_What is expected_
Return every line below in which "forall" appears.

_The data_

= = = =

Lemma mpow_sum (T : Type) j (s : seq T) (F : T -> M) :
  (forall i, mpow j (F i)) -> mpow j (\sum_(i <- s) F i).
Proof.
move=> h; elim: s => [|i s IH]; first by rewrite big_nil; apply: mpow_0.
by rewrite big_cons; apply: mpowD.
Qed.
Lemma npow_sum (T : Type) j (s : seq T) (F : T -> N) :
  (forall i, npow j (F i)) -> npow j (\sum_(i <- s) F i).
Proof.
move=> h; elim: s => [|i s IH]; first by rewrite big_nil; apply: npow_0.
by rewrite big_cons; apply: npowD.
Qed.

Lemma mpow_le j x : mpow j x -> forall k, (k <= j)%N -> mpow k x.
Proof.
elim=> [y|i|i y z _ h1 _ h2|i a y ha _ IH] k hk.
- by move: hk; rewrite leqn0 => /eqP ->; apply: mpow_any.
- exact: mpow_0.
- by apply: mpowD; [apply: h1 | apply: h2].
- case: k hk => [|k] hk; first exact: mpow_any.
  by apply: mpowS => //; apply: IH.
Qed.
Lemma npow_le j x : npow j x -> forall k, (k <= j)%N -> npow k x.
Proof.
elim=> [y|i|i y z _ h1 _ h2|i y a ha _ IH] k hk.
- by move: hk; rewrite leqn0 => /eqP ->; apply: npow_any.
- exact: npow_0.
- by apply: npowD; [apply: h1 | apply: h2].
- case: k hk => [|k] hk; first exact: npow_any.
  by apply: npowS => //; apply: IH.
Qed.

Lemma mpow_actAM c j m : mpow j m -> mpow j (am c m).
Proof.
elim=> [y|i|i y z _ h1 _ h2|i a y ha hy _].
- exact: mpow_any.
- by rewrite actAM0r; apply: mpow_0.
- by rewrite actAM_addr; apply: mpowD.
- by rewrite -actAM_mul; apply: mpowS; [apply: MN_mull|].
Qed.
Lemma mpow_actAM_ipow j k x m : ipow MN j x -> mpow k m -> mpow (j + k) (am x m).
Proof.
move=> hx hm; elim: hx => [z|i|i z w _ h1 _ h2|i a z ha _ IH].
- exact: mpow_actAM.
- by rewrite actAM0l; apply: mpow_0.
- by rewrite actAM_addl; apply: mpowD.
- by rewrite actAM_mul addSn; apply: mpowS.
Qed.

= = = =

_Result_
  (forall i, mpow j (F i)) -> mpow j (\sum_(i <- s) F i).
  (forall i, npow j (F i)) -> npow j (\sum_(i <- s) F i).
Lemma mpow_le j x : mpow j x -> forall k, (k <= j)%N -> mpow k x.
Lemma npow_le j x : npow j x -> forall k, (k <= j)%N -> npow k x.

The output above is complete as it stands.